Judge Daryl Loomis doesn't know whether it's the tattoos or the murder, but he falls for women like Izzy all the time.
It's okay to pick on things smaller than you, provided you also take on things bigger than you. Then, size is irrelevant.
Not to be confused with the Masters of Horror entry of the same title, Sick Girl is a film that lives up to its name. A nasty little piece of independent horror with a great performance from the title character, this is one the gore hounds will want to check out.
Facts of the Case
Times have been rough for Izzy (Leslie Andrews) lately. Her parents are dead and her brother, the breadwinner, has gone to Iraq and left her and her little brother Kevin (Charlie Trepany) to make do however they're able. Izzy does what she can, but all her troubles are stressing her out. What's a girl to do? For Izzy, a little revenge, a little torture, and a little murder just might do the trick. Just don't go into the barn.
The biggest virtue of Sick Girl is that writer/director Eben McGarr, in his first feature film, accomplishes exactly what he sets out to do. The film isn't overly ambitious; the plot is simple, the characters are few, and there is only one basic location, allowing much more time for beatings and torture while avoiding annoying character development and story twists that are completely unnecessary in films like this. Without all the violence, this could have easily played as a character study of a poor, small town family. This family, however, is led by one of the most disturbed, yet strangely appealing, killers in recent memory.
Leslie Andrews is truly excellent in the title role. A believable sociopath, Izzy goes from exceedingly sweet and playful one moment to maniacally violent the next; Andrews pulls it off beautifully. She puts her whole body into the role. Her facial expressions change on a dime to both horrifying and comedic effect and the extremities she goes to in order to make her point are sometimes staggering.
Horror fans will come for the splatter, and they'll get it, but they might not leave quite the same. Sick Girl may not be the hardest film to watch in my life (that mantle still rests firmly on the head of Eric Stanze's Scrapbook), but it does cross lines that few are willing to approach. I won't spoil the surprise for anybody interested and I don't want to raise people's expectations too high. Suffice it to say, however, that when McGarr takes his characters to their logical extremes, he pulls no punches and, just as you think he won't go that far, he takes it even farther. He doesn't give you his A-material all at once, however. He builds it slowly, getting increasingly more violent and crazier until it crosses into its most disturbing territory.

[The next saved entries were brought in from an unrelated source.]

(* For $n\ge1$, the characteristic polynomial of the priority lattice $\Pi(n)$ is $\chi(\Pi(n),q)=q(q-1)^n$.
   Context: $[n]_0=\{0,\dots,n\}$. A priority forest on $[n]_0$ is a rooted forest with vertex set $[n]_0$ whose component trees $T_0,T_1,\dots$ are increasing (each non-root vertex has a larger label than its parent) and satisfy: for $j<k$ every label of $T_j$ is smaller than every label of $T_k$. The priority lattice $\Pi(n)$ is the set of priority forests on $[n]_0$, ordered by inclusion of edge sets, together with an extra top element $\hat1$; $\hat0$ is the edgeless forest. Its rank function is $\rho(P)=|E(P)|$ for priority forests and $\rho(\hat1)=n+1$. The characteristic polynomial is $\chi(\Pi(n),q)=\sum_{x\in\Pi(n)}\mu(\hat0,x)\,q^{\rho(\hat1)-\rho(x)}$, with $\mu$ the Möbius function of $\Pi(n)$. *)

From HB Require Import structures.
From mathcomp Require Import all_boot all_order all_algebra.
Set Implicit Arguments. Unset Strict Implicit. Unset Printing Implicit Defensive.
Import GRing.Theory.

(* mu(x,x) = 1,  mu(x,y) = - sum_{x <= z < y} mu(x,z) for x < y,  0 otherwise.
   Defined by recursion with fuel; fuel #|T| suffices since every chain in T
   has at most #|T| - 1 steps. *)
Fixpoint mobius_fuel (T : finType) (le : rel T) (k : nat) (x y : T) : int :=
  match k with
  | 0 => ((x == y) : nat)%:Z
  | k'.+1 =>
      if x == y then 1%R
      else if le x y then
        (- \sum_(z : T | le x z && le z y && (z != y)) mobius_fuel le k' x z)%R
      else 0%R
  end.

Definition mobius (T : finType) (le : rel T) (x y : T) : int :=
  mobius_fuel le #|T| x y.

(* A rooted forest is encoded by its parent function: f i = Some j means that
   j is the parent of i (edge {j,i}), f i = None means i is a root. *)
Definition forest_fun (n : nat) := {ffun 'I_n.+1 -> option 'I_n.+1}.

Definition up n (f : forest_fun n) (x : 'I_n.+1) : 'I_n.+1 :=
  if f x is Some p then p else x.
(* Let $n\ge n'\ge 1$, let $p_1,\dots,p_n\ge 0$, and let $x_1,\dots,x_n$ and $x_{\{j\}\cup\{j'\}}$ ($j,j'\in\{1,\dots,n\}$) be reals with $x_{\{j\}\cup\{j'\}}=x_{\{j'\}\cup\{j\}}\ge 0$, $x_{\{j\}\cup\{j\}}=x_j\ge 0$, such that the $(n+1)\times(n+1)$ matrix $X$ indexed by $0,1,\dots,n$ with $X_{0,0}=1$, $X_{0,j}=X_{j,0}=x_j$, $X_{j,j'}=x_{\{j\}\cup\{j'\}}$ is positive semidefinite. Then for every subset $S\subseteq\{1,\dots,n'\}$, $$\sum_{j=1}^{n'}p_j\big(p_1x_{\{j\}\cup\{1\}}+\dots+p_jx_{\{j\}\cup\{j\}}\big)\ \ge\ \sum_{j\in\{1,\dots,n'\}\setminus S}x_jp_j^2+\frac12\Big(\sum_{j\in S}x_jp_j^2+\Big(\sum_{j\in S}x_jp_j\Big)^2\Big).$$
   Context: This is the per-machine form of the constraints of the SDP relaxation: for a fixed machine $i$, $x_j$ stands for $x_{ij}$, $x_{\{j\}\cup\{j'\}}$ for $x_{\{ij\}\cup\{ij'\}}$, $p_j$ for $p_{ij}$, and $X$ is the moment matrix $X^{(i)}$. *)

From HB Require Import structures.
From mathcomp Require Import all_boot all_order all_algebra.
Set Implicit Arguments. Unset Strict Implicit. Unset Printing Implicit Defensive.
Import Order.TTheory GRing.Theory Num.Theory.
Local Open Scope ring_scope.

Definition psd (R : realFieldType) (m : nat) (A : 'M[R]_m) : Prop :=
  forall v : 'cV[R]_m, 0 <= (v^T *m A *m v) 0 0.

(* The moment matrix X indexed by 0..n: index 0 is ord0, index j+1 is lift ord0 j. *)
Definition moment_mx (R : realFieldType) (n : nat) (x : 'I_n -> R)
  (y : 'I_n -> 'I_n -> R) : 'M[R]_(n.+1) :=
  \matrix_(a < n.+1, b < n.+1)
    match split (a : 'I_(1 + n)), split (b : 'I_(1 + n)) with
    | inl _, inl _ => 1
    | inl _, inr j => x j
    | inr j, inl _ => x j
    | inr j, inr j' => y j j'
    end.

(* The positive semidefiniteness of the moment matrix, tested against the vector
   (t, -p_S) with t = sum_(j in S) x_j p_j, gives t^2 <= sum_(j,j' in S) p_j p_j' y_{jj'},
   i.e. t^2 <= D + 2 W where D = sum_(j in S) x_j p_j^2 and W collects the pairs j' < j of S.
   The left-hand side splits into its diagonal part sum_(j < n') x_j p_j^2 and its strictly
   lower part, which dominates W because all terms are nonnegative; hence it is at least
   sum_(j notin S) x_j p_j^2 + D + W >= sum_(j notin S) x_j p_j^2 + (D + t^2) / 2. *)
From HB Require Import structures.
From mathcomp Require Import all_boot all_order all_algebra.
From mathcomp Require Import ring lra.
Import Order.TTheory GRing.Theory Num.Theory.
Local Open Scope ring_scope.

Lemma split_ord0 n : split (ord0 : 'I_(1 + n)) = inl (ord0 : 'I_1).
Proof.
have -> : (ord0 : 'I_(1 + n)) = unsplit (inl ord0) by apply: val_inj.
by rewrite unsplitK.
Qed.

Lemma split_lift0 n (i : 'I_n) : split (lift ord0 i : 'I_(1 + n)) = inr i.
Proof.
have -> : (lift ord0 i : 'I_(1 + n)) = unsplit (inr i) by apply: val_inj.
by rewrite unsplitK.
Qed.

Lemma ler_sum_subset {R : numDomainType} {I : finType} (P Q : pred I) (F : I -> R) :
  (forall i, Q i -> P i) -> (forall i, P i -> 0 <= F i) ->
  \sum_(i | Q i) F i <= \sum_(i | P i) F i.
Proof.
move=> QP F0; rewrite [X in _ <= X](bigID Q) /=.
rewrite (eq_bigl Q) => [|i]; last by case: (boolP (Q i)) => [/QP ->|]; rewrite ?andbF.
by rewrite lerDl sumr_ge0 // => i /andP[/F0].
Qed.

Lemma sum_sym_pairsE (R : zmodType) n (A : pred 'I_n) (f : 'I_n -> 'I_n -> R) :
  (forall i j, f i j = f j i) ->
  \sum_(i | A i) \sum_(j | A j) f i j
  = \sum_(i | A i) f i i + (\sum_(i | A i) \sum_(j | A j && (j < i)%N) f i j) *+ 2.
Proof.
move=> fsym.
have split_row i : A i -> \sum_(j | A j) f i j
    = f i i + \sum_(j | A j && (j < i)%N) f i j + \sum_(j | A j && (i < j)%N) f i j.
  move=> Ai; rewrite (bigD1 i) //= (bigID (fun j : 'I_n => (j < i)%N)) /= addrA.
  congr (_ + _ + _); apply: eq_bigl => j; case: (eqVneq j i) => [->|ne_ji];
    rewrite ?ltnn ?andbF ?andbT //.
  by rewrite -leqNgt ltn_neqAle eq_sym ne_ji.
have upper_to_lower : \sum_(i | A i) \sum_(j | A j && (i < j)%N) f i j
    = \sum_(i | A i) \sum_(j | A j && (j < i)%N) f i j.
  rewrite (exchange_big_dep A) /=; last by move=> i j _ /andP[].
  apply: eq_bigr => i Ai; apply: eq_big => [j|j _]; last exact: fsym.
  by rewrite Ai.
by rewrite (eq_bigr _ split_row) !big_split /= upper_to_lower mulr2n addrA.
Qed.

Lemma sum_lower_triangleE (R : comPzRingType) n (P : pred 'I_n) (p : 'I_n -> R)
    (y : 'I_n -> 'I_n -> R) :
  \sum_(j | P j) p j * (\sum_(j' : 'I_n | (j' <= j)%N) p j' * y j j')
  = \sum_(j | P j) y j j * p j ^+ 2
    + \sum_(j | P j) \sum_(j' : 'I_n | (j' < j)%N) p j * p j' * y j j'.
Proof.
rewrite -big_split /=; apply: eq_bigr => j _.
rewrite (bigD1 j (leqnn j)) mulrDr mulr_sumr; congr (_ + _); first ring.
apply: eq_big => [k|k _]; first by rewrite ltn_neqAle andbC.
by rewrite mulrA.
Qed.

Section MomentMatrix.
Context {R : realFieldType} {n : nat} {x : 'I_n -> R} {y : 'I_n -> 'I_n -> R}.

Definition moment_test_vec (t : R) (c : 'I_n -> R) : 'cV[R]_(n.+1) :=
  \col_(a < n.+1) match split (a : 'I_(1 + n)) with inl _ => t | inr j => - c j end.

Lemma moment_mx_form (t : R) (c : 'I_n -> R) :
  let v := moment_test_vec t c in
  (v^T *m moment_mx x y *m v) 0 0
  = t ^+ 2 - 2 * t * (\sum_i c i * x i) + \sum_i \sum_k c i * c k * y k i.
Proof.
rewrite /= /moment_test_vec !mxE big_ord_recl /= !mxE big_ord_recl /= !mxE split_ord0.
under eq_bigr => i _ do rewrite !mxE ?split_ord0 ?split_lift0.
under [X in _ * t + X]eq_bigr => i _ do
  rewrite !mxE big_ord_recl !mxE ?split_ord0 ?split_lift0.
under [X in _ * t + X]eq_bigr => i _ do
  under eq_bigr => k _ do rewrite !mxE ?split_ord0 ?split_lift0.
have -> : \sum_i - c i * x i = - \sum_i c i * x i.
  by rewrite -sumrN; apply: eq_bigr => i _; ring.
have -> : \sum_(i < n) (t * x i + \sum_k - c k * y k i) * - c i
    = - t * \sum_i c i * x i + \sum_i \sum_k c i * c k * y k i.
  rewrite mulr_sumr -big_split /=; apply: eq_bigr => i _.
  rewrite mulrDl mulr_suml; congr (_ + _); first ring.
  by apply: eq_bigr => k _; ring.
ring.
Qed.

Lemma psd_moment_sqr_le (A : pred 'I_n) (c : 'I_n -> R) :
  psd (moment_mx x y) ->
  (\sum_(i | A i) c i * x i) ^+ 2 <= \sum_(i | A i) \sum_(k | A k) c i * c k * y k i.
Proof.
pose cA i := if A i then c i else 0.
have cAx : \sum_i cA i * x i = \sum_(i | A i) c i * x i.
  by rewrite [RHS]big_mkcond; apply: eq_bigr => i _; rewrite /cA; case: ifP; rewrite ?mul0r.
have cAy : \sum_i \sum_k cA i * cA k * y k i
    = \sum_(i | A i) \sum_(k | A k) c i * c k * y k i.
  rewrite [RHS]big_mkcond; apply: eq_bigr => i _; rewrite /cA; case: ifP => _.
    by rewrite [RHS]big_mkcond; apply: eq_bigr => k _; case: ifP; rewrite ?mulr0 ?mul0r.
  by rewrite big1 // => k _; rewrite !mul0r.
move=> /(_ (moment_test_vec (\sum_i cA i * x i) cA)).
by rewrite moment_mx_form cAx cAy => h; lra.
Qed.

End MomentMatrix.

Theorem lemma1 (R : realFieldType) (n n' : nat) (p x : 'I_n -> R)
  (y : 'I_n -> 'I_n -> R)
  (hn' : (1 <= n')%N) (hnn' : (n' <= n)%N)
  (hp : forall j, 0 <= p j)
  (hsym : forall j j', y j j' = y j' j)
  (hy0 : forall j j', 0 <= y j j')
  (hdiag : forall j, y j j = x j)
  (hx0 : forall j, 0 <= x j)
  (hX : psd (moment_mx x y))
  (S : {set 'I_n}) (hS : forall j, j \in S -> (j < n')%N) :
  \sum_(j : 'I_n | (j < n')%N) p j * (\sum_(j' : 'I_n | (j' <= j)%N) p j' * y j j')
  >= \sum_(j : 'I_n | ((j < n')%N && (j \notin S))) x j * p j ^+ 2
     + 2^-1 * (\sum_(j in S) x j * p j ^+ 2 + (\sum_(j in S) x j * p j) ^+ 2).
Proof.
pose f j j' := p j * p j' * y j j'.
have f0 j j' : 0 <= f j j' by rewrite !mulr_ge0.
set t := \sum_(j in S) x j * p j.
set D := \sum_(j in S) x j * p j ^+ 2.
pose W := \sum_(j in S) \sum_(j' | (j' \in S) && (j' < j)%N) f j j'.
have t2_le : t ^+ 2 <= D + W *+ 2.
  have := psd_moment_sqr_le (fun j => j \in S) p hX.
  have -> : \sum_(j in S) p j * x j = t by apply: eq_bigr => j _; rewrite mulrC.
  rewrite sum_sym_pairsE => [|j k]; last by rewrite hsym (mulrC (p j)).
  congr (_ <= _ + _ *+ 2).
    by apply: eq_bigr => j _; rewrite hdiag; ring.
  by apply: eq_bigr => j _; apply: eq_bigr => k _; rewrite /f hsym.
have diagE : \sum_(j : 'I_n | (j < n')%N) x j * p j ^+ 2
    = \sum_(j : 'I_n | (j < n')%N && (j \notin S)) x j * p j ^+ 2 + D.
  rewrite (bigID (mem S)) /= addrC; congr (_ + _); apply: eq_bigl => j /=.
  by case: (boolP (j \in S)) => [/hS ->|]; rewrite ?andbT ?andbF.
have W_le : W <= \sum_(j : 'I_n | (j < n')%N) \sum_(j' : 'I_n | (j' < j)%N) f j j'.
  apply: (le_trans (ler_sum _ _)) => [j _|].
    by apply: (ler_sum_subset (fun j' : 'I_n => (j' < j)%N)) => [k /andP[]|].
  by apply: ler_sum_subset => [j /hS|j _]; last exact: sumr_ge0.
have lhsE : \sum_(j : 'I_n | (j < n')%N) p j * (\sum_(j' : 'I_n | (j' <= j)%N) p j' * y j j')
    = \sum_(j : 'I_n | (j < n')%N) x j * p j ^+ 2
      + \sum_(j : 'I_n | (j < n')%N) \sum_(j' : 'I_n | (j' < j)%N) f j j'.
  by rewrite sum_lower_triangleE; congr (_ + _); apply: eq_bigr => j _; rewrite hdiag.
rewrite lhsE diagE; lra.
Qed.
(* If C > c D (3 t + 4) and k <= t, the point y = C - k D satisfies
   y >= 2 c (C + 1 + D - y) = 2 c (1 + D + k D), so a doubling step applies. *)
Lemma doubling_room (C c D t k : nat) : 0 < c -> 0 < D -> k <= t ->
  c * D * (3 * t + 4) < C -> 2 * c * (1 + D + k * D) <= C - k * D.
Proof.
move=> c_gt0 D_gt0 le_kt C_big.
have kD_le : k * D <= c * D * t.
  by rewrite mulnAC leq_mul2r (leq_trans le_kt) ?leq_pmull ?orbT.
have cDk_le : c * D * k <= c * D * t by rewrite leq_mul2l le_kt orbT.
have c_le : c <= c * D by rewrite leq_pmulr.
have -> : 2 * c * (1 + D + k * D) = 2 * c + 2 * (c * D) + 2 * (c * D * k) by nia.
have {}C_big : 3 * (c * D * t) + 4 * (c * D) < C.
  by move: C_big; rewrite mulnDr -!mulnA; lia.
(* lia only needs the products as opaque atoms *)
move: C_big kD_le cDk_le c_le; move: (c * D * t) (c * D * k) (c * D) (k * D) => x y z w; lia.
Qed.

(* The counting core of the theorem: a function h bounded by M < 2^(t+1),
   positive at C and satisfying y h(y) <= c (C + 1 + D - y) h(y - D) would
   double along C, C - D, ..., C - (t+1) D unless C <= c D (3 t + 4). *)
Lemma doubling_bound (h : nat -> nat) (C c D M t : nat) :
  0 < c -> 0 < D ->
  (forall y, y * h y <= h (y - D) * c * (C + 1 + D - y)) ->
  0 < h C -> (forall y, h y <= M) -> M < 2 ^ t.+1 ->
  C <= c * D * (3 * t + 4).
Proof.
move=> c_gt0 D_gt0 recursion hC_gt0 h_le_M M_lt; rewrite leqNgt; apply/negP => C_big.
have step k : k < t.+1 -> 2 * h (C - k * D) <= h (C - k.+1 * D).
  move=> le_kt; have room := doubling_room c_gt0 D_gt0 (le_kt : k <= t) C_big.
  have kD_lt : k * D < C.
    rewrite -subn_gt0; apply: leq_trans room.
    by rewrite !muln_gt0 c_gt0 addn_gt0.
  apply: (doubling_step c_gt0 _ room) => //.
  by have := recursion (C - k * D); rewrite mulSnr subnDA; congr (_ <= _ * _); lia.
have := @iterate_doubling (fun k => h (C - k * D)) t.+1 step; rewrite mul0n subn0.
have := h_le_M (C - t.+1 * D); have := leq_pmulr (2 ^ t.+1) hC_gt0; lia.
Qed.

Definition slot (n : nat) := ({set 'I_n} * 'I_n)%type.

Definition uses (n : nat) (q : seq 'I_n) (s : slot n) : bool :=
  (s.1 \in pedges q) && (bucket q == s.2).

Synapse has always done well with independent horror and their release of Sick Girl is no exception. For a film of its scale and budget, you couldn't ask for more from this disc. The image sometimes looks a little flat, but it was shot on the cheap and it looks as good as could be expected. The colors are strong and there are no problems with the transfer. The sound is clear and bright, but there's nothing special here. For extras, we have a short film with Leslie Andrews as she creates her "Death by…" photo series, in which she chronicles herself dying in various elaborate ways and places. The images are good and I hope she gets more attention for her quality work. Andrews also appears once again as Izzy in a PSA demanding audiences to stay quiet during the film. I suggest you listen to Izzy. Finally, we have a series of bloopers, which is as amusing as bloopers generally are, and an interview with Stephen Geoffreys (Fright Night), who has a cameo role in the film. This is much better treatment that films at this level generally get, but Sick Girl deserves it.
The Rebuttal Witnesses
Seriously, though, Sick Girl goes pretty far. I wouldn't watch this with the kiddies…unless your kids are bullies, I suppose. In which case, they might learn a valuable lesson.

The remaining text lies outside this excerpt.